Approaching adolescence can be a challenging time for many individuals. The challenges are certainly different for each gender and females with Autism Spectrum Disorder (ASD) may experience these challenges in a unique way compared to their neurotypical peers. The uncertainty of the physical changes that are happening to their bodies and how to cope with those changes can cause stress and anxiety for many teens. While families are often well prepared for helping their daughters’ transition to various developmental stages, from kindergarten to elementary school, many females find themselves unprepared when transitioning to adolescence and approaching puberty. Parents may find themselves “caught off guard” when their daughter experiences her first menstrual cycle or when they find out their daughter is being teased in the locker room because she is not yet wearing a bra (Nichols, Moravcik and Tetenbaum 2009). Adolescence and transitioning to puberty can be a stressful time for many parents and especially for parents of girls with ASD (Zamora et al 2014). Professionals who work with families and individual females can help them become better prepared for the transition to puberty and guide their daughters to cope with some of the challenges that they may encounter during this time.

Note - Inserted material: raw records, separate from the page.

Lemma sat_swap_swap (V : vocab) (b : bool) (k : nat) (p : formula) (D : Type) F R
    (e : nat -> D) :
  formula_over V b k p ->
  (sat (fun s => F (swap_sym s)) (fun s => R (swap_sym s)) e (swap p) <-> sat F R e p).
Proof.
  intros Hp. rewrite sat_swap.
  apply (sat_agree_on_vocab V b k p Hp); intros; now rewrite swap_sym_involutive.
Qed.

Lemma sat_prime_swap_unprimed (V : vocab) (k : nat) (p : formula) (D : Type) F R (e : nat -> D) :
  formula_over V false k p -> (sat F R e (prime p) <-> sat F R e (swap p)).
Proof.
  intros Hp. rewrite sat_prime, sat_swap.
  apply (sat_agree_on_vocab V false k p Hp);
    intros [a c] ds _ [Hc|Hc]; simpl in *; subst; try discriminate; reflexivity.
Qed.

Lemma safe_inv_Ind (S : vocab) (i t phi : formula) :
  closed_over S phi -> entails i phi -> entails (And phi t) (prime phi) ->
  safe_inductive_invariant S (Problem i t (Not phi)) phi.
Proof. intros Hphi Hi Ht. repeat split; trivial. intros D F R e H Hn. now apply Hn. Qed.

Lemma safe_inv_Cons (S : vocab) (i t b phi xi : formula) :
  entails phi (Not b) ->
  safe_inductive_invariant S (Problem i t (Not phi)) xi ->
  safe_inductive_invariant S (Problem i t b) xi.
Proof.
  intros Hphi (Hxi & Hinit & Hcons & Hsafe). repeat split; trivial.
  intros D F R e Hx Hb. apply (Hsafe D F R e Hx). intros Hp. exact (Hphi D F R e Hp Hb).
Qed.

Lemma safe_inv_Inc (S : vocab) (i t b phi xi1 xi2 : formula) :
  safe_inductive_invariant S (Problem i t (Not phi)) xi1 ->
  safe_inductive_invariant S (Problem (And i phi) (And t (And phi (prime phi))) (And b phi)) xi2 ->
  safe_inductive_invariant S (Problem i t b) (And xi1 xi2).
Proof.
  intros (Hxi1 & Hinit1 & Hcons1 & Hsafe1) (Hxi2 & Hinit2 & Hcons2 & Hsafe2); simpl in *.
  assert (Hphi : forall D F R (e : nat -> D), sat F R e xi1 -> sat F R e phi).
  { intros D F R e H. apply NNPP. exact (Hsafe1 D F R e H). }
  split; [now split|]. split; [|split].
  - intros D F R e Hi. assert (H1 := Hinit1 D F R e Hi).
    split; trivial. apply (Hinit2 D F R e). split; [exact Hi | exact (Hphi D F R e H1)].
  - intros D F R e [[H1 H2] Ht].
    assert (H1' := Hcons1 D F R e (conj H1 Ht)).
    split; trivial. apply (Hcons2 D F R e).
    split; [exact H2|]. split; [exact Ht|]. split; [exact (Hphi D F R e H1)|].
    apply sat_prime. apply sat_prime in H1'. exact (Hphi _ _ _ e H1').
  - intros D F R e [H1 H2] Hb. apply (Hsafe2 D F R e H2).
    split; [exact Hb | exact (Hphi D F R e H1)].
Qed.

Lemma safe_inv_Rev (S : vocab) (i t b xi : formula) :
  closed_over2 S t ->
  safe_inductive_invariant S (Problem b (swap t) i) xi ->
  safe_inductive_invariant S (Problem i t b) (Not xi).
Proof.
  intros Ht (Hxi & Hinit & Hcons & Hsafe); simpl in *.
  split; [exact Hxi|]. split; [|split].
  - intros D F R e Hi Hx. exact (Hsafe D F R e Hx Hi).
  - intros D F R e [Hnx Ht0] Hx'. apply Hnx.
    set (Fs := fun s => F (swap_sym s)). set (Rs := fun s => R (swap_sym s)).
    assert (Hx : sat Fs Rs e xi)
      by now apply sat_swap, (sat_prime_swap_unprimed S 0 xi).
    assert (Hx's : sat Fs Rs e (prime xi)).
    { apply (Hcons D Fs Rs e). split; trivial. now apply (sat_swap_swap S true 0 t). }
    apply (sat_prime_swap_unprimed S 0 xi) in Hx's; trivial.
    now apply (sat_swap_swap S false 0 xi) in Hx's.
  - intros D F R e Hnx Hb. exact (Hnx (Hinit D F R e Hb)).
Qed.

Understanding your daughter’s individual abilities may help you to set up a plan that will ease the transition to puberty. Consider your daughter’s overall intellectual ability, how she copes with change, her abilities in communicating her feelings, her organizational skills, and any sensory challenges. The physical changes that occur in females during puberty may be a time of mixed emotions for many teens. Individuals with ASD may experience sensitivities to sound, touch, taste, light intensities, and some fluctuate between hypo-sensitive and hyper-sensitive (Mandy et al 2011). For example, the experience of having to wear a bra for the first time may be met with stress and/or sensory discomfort for some females with ASD. To help your daughter plan for this transition take into consideration if she tends to have sensory challenges. If you know she has a particular preference begin to discuss the different choices that are available. Plan in advance to try out the several different types so that she can chose a style that she is most comfortable with wearing. Chose an environment in which she is most comfortable and will allow her to experience success when practicing wearing the item. Keep in mind information and skills may not be learned the first time, therefore multiple repetitions may be needed to ensure skill acquisition (Nichols et al 2009). Consider your environment in advance: do you need to practice in the comfort of your home or in a fitting room at the store? Prepare by using visual supports such as picture cues or written words to help teach the steps. Think about the teaching techniques that are most effective with your daughter and use those strategies. Some strategies to consider may include behavior chaining techniques (e.g., backward chaining, forward chaining) which can be used to build upon and improve an individual’s independent living skills. (Cooper et al 2007). Break down steps into small components and practice the steps by modeling the appropriate actions, role play, review and provide behavior specific feedback. Take the time to teach this new skill, practice often and provide positive reinforcement (Miles et al 2009). These tasks may be unpleasant to your daughter and it is important to pair this experience with a positive interaction.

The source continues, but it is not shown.